REPUBLIKA.CO.ID, SEOUL -- Ekspor Korea Selatan (Korsel) bulan Oktober diperkirakan menyusut untuk pertama kalinya dalam dua tahun di tengah perlambatan ekonomi global dan kenaikan suku bunga. Survei Reuters memprediksi pengiriman barang dari Korsel pada Oktober turun 3,0 persen dibanding bulan yang sama tahun lalu.
Data ini berdasarkan rata-rata prediksi 11 ekonom yang mengikuti jajak pendapat Reuters. Pertumbuhan Korsel pada September lalu melambat 2,7 persen, hampir terendah dalam dua tahun terakhir.
Penurunan ini mengakhiri kenaikan 23 bulan berturut turut sejak November 2020. Kecepatan pertumbuhan menyusut semakin tajam pada pertengahan 2022, dengan rata-rata pertumbuhan selama empat bulan turun menjadi satu digit.
"Angka pertumbuhan ekspor pada Oktober diperkirakan negatif karena berlanjutnya dampak pelemahan permintaan komoditas global, turunnya siklus semikondutor, dan melambatnya pengiriman ke China," kata ekonm DB Financial Investment, Park Sung-woo, Jumat (28/10/2022).
Selama 20 hari pertama bulan ini, ekspor turun 5,5 persen sebab penjualan ke China yang merupakan mitra dagang terbesar Korsel turun 16,3 persen sepanjang lima bulan.
Sementara impor diprediksi akan terus tumbuh 7,2 persen pada hari ke-23. Tapi angkanya tetap dapat lebih rendah 18,6 persen dibanding bulan September dan terlemah sejak Januari 2021.

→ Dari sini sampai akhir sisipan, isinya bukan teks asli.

Lemma det1_xor_dvd4 (a b c d : int) :
  ~~ (2 %| a)%Z -> (2 %| b)%Z -> (2 %| c)%Z -> ~~ (2 %| d)%Z -> a * d - c * b = 1 ->
  (4 %| b)%Z (+) (4 %| c)%Z (+) (4 %| a + c + 3 * b + 3 * d)%Z.
Proof.
move=> a2 b2 c2 d2.
have /dvdzP [x ea] : (2 %| a - 1)%Z by lia.
have /dvdzP [w ed] : (2 %| d - 1)%Z by lia.
have {ea} -> : a = x * 2 + 1 by rewrite -ea subrK.
have {ed} -> : d = w * 2 + 1 by rewrite -ed subrK.
move/dvdzP: b2 c2 => [y ->] /dvdzP [z ->] det1.
have : x + w + 2 * (x * w) - 2 * (z * y) = 0.
  apply: (mulfI (_ : 2 != 0 :> int)) => //.
  transitivity ((x * 2 + 1) * (w * 2 + 1) - z * 2 * (y * 2) - 1); first by ring.
  by rewrite det1 subrr mulr0.
move: (x * w) (z * y) => p q {det1 a2 d2}.
by case: (4 %| _)%Z / idP; case: (4 %| _)%Z / idP; case: (4 %| _)%Z / idP => //=; lia.
Qed.

Lemma dvdz1_pm (n : int) : (n %| 1)%Z -> n = 1 \/ n = -1.
Proof. by rewrite dvdz1 => /eqP; lia. Qed.

Definition dic_sub (n k : int) (x : dic) : bool :=
  if odd x.2 then (n %| x.1 - k)%Z else (n %| x.1)%Z.

Lemma dic_subM n k x y : dic_sub n k x -> dic_sub n k y -> dic_sub n k (dic_mul x y).
Proof.
case: x => m e; case: y => m' e'; rewrite /dic_sub /dic_mul /= oddD.
by case: (odd e); case: (odd e') => /= /dvdzP [q1 h1] /dvdzP [q2 h2]; apply/dvdzP;
  [exists (q1 - q2) | exists (q1 - q2) | exists (q1 + q2) | exists (q1 + q2)]; lia.
Qed.

Lemma dic_subV n k x : dic_sub n k x -> dic_sub n k (dic_inv x).
Proof.
case: x => m e; rewrite /dic_sub /dic_inv /= oddM /=.
by case: (odd e) => //= /dvdzP [q h]; apply/dvdzP; exists (- q); lia.
Qed.

Lemma dic_sub_eval {n k xa xb} :
  dic_sub n k xa -> dic_sub n k xb -> forall w, dic_sub n k (dic_eval xa xb w).
Proof.
move=> ha hb w; elim: w => [|[[] []] w IH] /=; first by rewrite /dic_sub dvdz0.
all: by apply: dic_subM; rewrite /dic_letter //= dic_subV.
Qed.

Section FaithfulRepresentation.
Context {R : numFieldType}.

Definition diag2 : 'M[R]_2 := mx2 2 0 0 2^-1.
Definition rotJ : 'M[R]_2 := mx2 0 1 (-1) 0.

Lemma two_neq0 : (2 : R) != 0.
Proof. by rewrite pnatr_eq0. Qed.

Lemma det_diag2 : \det diag2 = 1.
Proof. by rewrite det_mx2 mulr0 subr0 mulfV // two_neq0. Qed.

Lemma det_rotJ : \det rotJ = 1.
Proof. by rewrite det_mx2 mulr0 sub0r mulrN1 opprK. Qed.

Lemma mxtrace_rotJ : \tr rotJ = 0.
Proof. by rewrite mxtrace_mx2 addr0. Qed.

Lemma mxtrace_diag2_rotJ : \tr (diag2 * rotJ) = 0.
Proof. by rewrite mul_mx2 mxtrace_mx2 !(mulr0, mul0r, addr0). Qed.

Lemma diag2_rotJ_rel : rotJ * rotJ = -1 /\ rotJ * diag2 = diag2^-1 * rotJ.
Proof. exact: SL2_traceless_rel det_diag2 det_rotJ mxtrace_rotJ mxtrace_diag2_rotJ. Qed.

Lemma mx2_diag_exprn (a b : R) k : mx2 a 0 0 b ^+ k = mx2 (a ^+ k) 0 0 (b ^+ k).
Proof.
elim: k => [|k IH]; first by rewrite !expr0 -scalar_mx2.
by rewrite exprS IH mul_mx2 !(mulr0, mul0r, addr0, add0r) -!exprS.
Qed.

Lemma diag2_exprz (n : int) : diag2 ^ n = mx2 (2 ^ n) 0 0 (2 ^ (- n)).
Proof.
have diag2V : diag2^-1 = mx2 2^-1 0 0 2.
  have h : diag2 * mx2 2^-1 0 0 2 = 1.
    by rewrite mul_mx2 !(mulr0, mul0r, addr0, add0r) divff ?mulVf ?two_neq0 // -scalar_mx2.
  by have [uD _] := mulmx1_unit h; rewrite -[LHS]mulr1 -h mulKr.
case: n => k; first by rewrite -exprz_inv; exact: mx2_diag_exprn.
by rewrite NegzE -exprz_inv diag2V opprK -exprz_inv; exact: mx2_diag_exprn.
Qed.

Lemma dic_elt_diag2_00 x :
  dic_elt diag2 rotJ x 0 0 = if odd x.2 then 0 else (-1) ^+ x.2./2 * 2 ^ x.1.
Proof.
have [rotJ2 _] := diag2_rotJ_rel; rewrite /dic_elt.
have -> : rotJ ^+ x.2 = rotJ ^+ odd x.2 * (-1) ^+ x.2./2.
  by rewrite -[x.2 in LHS]odd_double_half -mul2n exprD exprQ_mul2.
rewrite mulrA diag2_exprz /rotJ -signr_odd -[in RHS]signr_odd.
by case: (odd x.2); case: (odd x.2./2);
  rewrite ?expr1 ?expr0 ?mulr1 ?mul1r ?mulrN1 ?mulN1r ?mul_mx2 !mxE /=;
  rewrite ?(mulr0, mul0r, addr0, oppr0).
Qed.

Lemma dic_elt_diag2_inj x y : dic_elt diag2 rotJ x = dic_elt diag2 rotJ y ->
  ~~ odd y.2 -> ~~ odd x.2 /\ x.1 = y.1.
Proof.
move=> /(congr1 (fun M : 'M[R]_2 => `|M 0 0|)) + ey; rewrite /= !dic_elt_diag2_00 (negbTE ey).
have pow2_gt0 n : (0 : R) < 2 ^ n by rewrite exprz_gt0 ?ltr0n.
rewrite normrMsign [`|2 ^ y.1|]gtr0_norm //.
case: (odd x.2) => /=; first by rewrite normr0 => h; have := pow2_gt0 y.1; rewrite -h ltxx.
rewrite normrMsign gtr0_norm // => e; split=> //.
have : (2 : R) ^ (x.1 - y.1) == 1.
  by rewrite expfzDr ?two_neq0 // e -expfzDr ?two_neq0 // subrr expr0z.
by rewrite pexprz_eq1 ?ler0n // pnatr_eq1 orbF subr_eq0 => /eqP.
Qed.

End FaithfulRepresentation.

Lemma charpt_weval_dic (f : endo) {P Q A B : 'M[CC]_2} {xa xb} :
  P \is a GRing.unit -> Q * Q = -1 -> Q * P = P^-1 * Q ->
  dic_elt P Q xa = A -> dic_elt P Q xb = B ->
  let u := dic_eval xa xb (img_a f) in let v := dic_eval xa xb (img_b f) in
  charpt (weval A B (img_a f)) (weval A B (img_b f)) =
  (\tr (dic_elt P Q u), \tr (dic_elt P Q v), \tr (dic_elt P Q (dic_mul u v))).
Proof. by move=> uP QQ QP <- <- u v; rewrite /charpt !weval_dic // mulmxE dic_eltM. Qed.

(* As [psi] is invertible, [a] and [b] are words in [psi a] and [psi b]; the
   representation by [diag2] and [rotJ] sees [m] on elements with [e] even. *)
Lemma dvdz_dic_sub {psi g : endo} xa xb {n k} w : eeq (ecomp psi g) eid ->
  dic_sub n k (dic_eval xa xb (img_a psi)) -> dic_sub n k (dic_eval xa xb (img_b psi)) ->
  ~~ odd (dic_eval xa xb w).2 -> (n %| (dic_eval xa xb w).1)%Z.
Proof.
set u := dic_eval _ _ (img_a psi); set v := dic_eval _ _ (img_b psi).
move=> psi_g su sv ew; have [JJ JD] := @diag2_rotJ_rel CC.
have uD : (diag2 : 'M[CC]_2) \is a GRing.unit by rewrite det1_unitmx ?det_diag2.
have elt_unit x : (dic_elt diag2 rotJ x : 'M[CC]_2) \is a GRing.unit.
  by rewrite det1_unitmx ?det_dic_elt ?det_diag2 ?det_rotJ.
have [ga gb] := weval_comp_inverse psi_g (elt_unit xa) (elt_unit xb).
have : dic_elt diag2 rotJ (dic_eval u v (wsubst g w))
       = dic_elt diag2 rotJ (dic_eval xa xb w) :> 'M[CC]_2.
  by rewrite -!weval_dic // weval_wsubst ?weval_unit ?elt_unit // ga gb.
move=> /dic_elt_diag2_inj /(_ ew) [ew' <-].
by have := dic_sub_eval su sv (wsubst g w); rewrite /dic_sub (negbTE ew').
Qed.

Definition pt_scale (s : CC) (p : pt) : pt := (s * p.1.1, s * p.1.2, s * p.2).

Lemma pt_scaleN1_id p : pt_scale (-1) p = p -> p = (0, 0, 0).
Proof.
have oppid (x : CC) : -1 * x = x -> x = 0.
  move=> h; have : x *+ 2 == 0 by rewrite mulr2n -{1}h mulN1r addNr.
  by rewrite mulrn_eq0 => /eqP.
by case: p => [[x y] z] [/oppid -> /oppid -> /oppid ->].
Qed.

Section AxisAction.
Context {psi : endo} {L : pt -> Prop} {fixed : bool}.
Hypothesis L_scale : forall s p, L p -> L (pt_scale s p).
Hypothesis psi_on_L : forall A B : 'M[CC]_2, \det A = 1 -> \det B = 1 -> L (charpt A B) ->
  charpt (weval A B (img_a psi)) (weval A B (img_b psi))
  = pt_scale (if fixed then 1 else -1) (charpt A B).

Lemma subset_Xfix_sign {A0 B0 : 'M[CC]_2} : \det A0 = 1 -> \det B0 = 1 ->
  L (charpt A0 B0) -> charpt A0 B0 <> (0, 0, 0) -> subset_pt L (Xfix psi) <-> fixed.
Proof.
move=> dA0 dB0 LA0 A0_neq0; split=> [Lfix | fixed_ p Lp A B dA dB pE]; last subst p.
  apply/negPn/negP => unfixed; apply/A0_neq0/pt_scaleN1_id.
  have := psi_on_L _ _ dA0 dB0 LA0.
  by rewrite (Lfix _ LA0 _ _ dA0 dB0 erefl) (negbTE unfixed).
rewrite psi_on_L // fixed_; case: (charpt A B) => [[x y] z].
by rewrite /pt_scale /= !mul1r.
Qed.

Lemma subset_Xfix_sqr : subset_pt L (Xfix (ecomp psi psi)).
Proof.
move=> p Lp A B dA dB pE; subst p; rewrite /= !weval_wsubst ?det1_unitmx //.
have Lpsi : L (charpt (weval A B (img_a psi)) (weval A B (img_b psi))).
  by rewrite psi_on_L //; apply: L_scale.
rewrite psi_on_L ?det_weval // psi_on_L //; case: (charpt A B) => [[x y] z].
by rewrite /pt_scale /=; case: fixed; rewrite !mulrA ?mulr1 ?mulrN1 ?opprK !mul1r.
Qed.

End AxisAction.

Section Axes.
Context {psi g : endo}.
Hypothesis psi_g : eeq (ecomp psi g) eid.
Hypotheses (odd_a_psia : ~~ (2 %| expsum false (img_a psi))%Z)
  (even_b_psia : (2 %| expsum true (img_a psi))%Z)
  (even_a_psib : (2 %| expsum false (img_b psi))%Z)
  (odd_b_psib : ~~ (2 %| expsum true (img_b psi))%Z).

Lemma charpt_psi_L1 A B : \det A = 1 -> \det B = 1 -> L1 (charpt A B) ->
  charpt (weval A B (img_a psi)) (weval A B (img_b psi))
  = pt_scale (if (4 %| expsum true (img_a psi))%Z then 1 else -1) (charpt A B).
Proof.
move=> dA dB [/= tB tAB]; have [BB BA] := SL2_traceless_rel dA dB tB tAB.
have eA : dic_elt A B (1, 0%N) = A by rewrite /dic_elt expr1z mulr1.
have eB : dic_elt A B (0, 1%N) = B by rewrite /dic_elt expr0z mul1r.
rewrite (charpt_weval_dic psi (det1_unitmx dA) BB BA eA eB) /charpt /pt_scale /= tB tAB !mulr0.
set u := dic_eval _ _ (img_a psi); set v := dic_eval _ _ (img_b psi).
have u4 : (4 %| u.2%:Z - expsum true (img_a psi))%Z.
  by have := dic_eval_exponent (1, 0%N) (0, 1%N) (img_a psi); rewrite /= mul0r add0r mul1r.
have v4 : (4 %| v.2%:Z - expsum true (img_b psi))%Z.
  by have := dic_eval_exponent (1, 0%N) (0, 1%N) (img_b psi); rewrite /= mul0r add0r mul1r.
have eu : ~~ odd u.2 by rewrite (oddn_mod4 u4) even_b_psia.
have ov : odd v.2 by rewrite (oddn_mod4 v4).
have u1 : u.1 = 1 \/ u.1 = -1.
  apply: dvdz1_pm; apply: (dvdz_dic_sub (1, 0%N) (0, 1%N) (k := v.1) ga psi_g) => //.
    by rewrite /dic_sub (negbTE eu) dvdzz.
  by rewrite /dic_sub ov subrr dvdz0.
have ouv : odd (dic_mul u v).2 by rewrite /= oddD (negbTE eu) ov.
rewrite [\tr (dic_elt _ _ v)]mxtrace_dic_elt_odd //.
rewrite [\tr (dic_elt _ _ (dic_mul _ _))]mxtrace_dic_elt_odd //.
by rewrite mxtrace_dic_elt_even // (sign_half_mod4 u4 even_b_psia).
Qed.

Lemma charpt_psi_L2 A B : \det A = 1 -> \det B = 1 -> L2 (charpt A B) ->
  charpt (weval A B (img_a psi)) (weval A B (img_b psi))
  = pt_scale (if (4 %| expsum false (img_b psi))%Z then 1 else -1) (charpt A B).
Proof.
move=> dA dB [/= tA tAB]; have tBA : \tr (B * A) = 0 by rewrite -mulmxE mxtrace_mulC.
have [AA AB] := SL2_traceless_rel dB dA tA tBA.
have eA : dic_elt B A (0, 1%N) = A by rewrite /dic_elt expr0z mul1r.
have eB : dic_elt B A (1, 0%N) = B by rewrite /dic_elt expr1z mulr1.
rewrite (charpt_weval_dic psi (det1_unitmx dB) AA AB eA eB) /charpt /pt_scale /= tA tAB !mulr0.
set u := dic_eval _ _ (img_a psi); set v := dic_eval _ _ (img_b psi).
have u4 : (4 %| u.2%:Z - expsum false (img_a psi))%Z.
  by have := dic_eval_exponent (0, 1%N) (1, 0%N) (img_a psi); rewrite /= mul0r addr0 mul1r.
have v4 : (4 %| v.2%:Z - expsum false (img_b psi))%Z.
  by have := dic_eval_exponent (0, 1%N) (1, 0%N) (img_b psi); rewrite /= mul0r addr0 mul1r.
have ou : odd u.2 by rewrite (oddn_mod4 u4).
have ev : ~~ odd v.2 by rewrite (oddn_mod4 v4) even_a_psib.
have v1 : v.1 = 1 \/ v.1 = -1.
  apply: dvdz1_pm; apply: (dvdz_dic_sub (0, 1%N) (1, 0%N) (k := u.1) gb psi_g) => //.
    by rewrite /dic_sub ou subrr dvdz0.
  by rewrite /dic_sub (negbTE ev) dvdzz.
have ouv : odd (dic_mul u v).2 by rewrite /= oddD ou (negbTE ev).
rewrite [\tr (dic_elt _ _ u)]mxtrace_dic_elt_odd //.
rewrite [\tr (dic_elt _ _ (dic_mul _ _))]mxtrace_dic_elt_odd //.
by rewrite mxtrace_dic_elt_even // (sign_half_mod4 v4 even_a_psib).
Qed.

Dua hal itu memperpanjang defisit neraca Korsel tujuh bulan berturut-turut. Membawa defisit tahunan pertama dalam 14 tahun dan yang paling besar dalam sejarah. Data perdagangan bulanan dijadwalkan akan dirilis pada hari pertama bulan November.
Survei juga memprediksi inflasi tahunan Korsel pada Oktober bertahan 5,6 persen. Inflasi melunak kedua kalinya sejak bulan September. Inflasi bulanan tertinggi dalam 24 tahun tercatat pada bulan Juli lalu yang sebesar 6,3 persen.
Namun ada perbedaan pendapat dalam survei itu. Dari 11 responden, lima ekonom melihat inflasi rebound, sementara tiga ekonom menilai tidak ada perubahan dan tiga sisanya menilai akan terus mereda.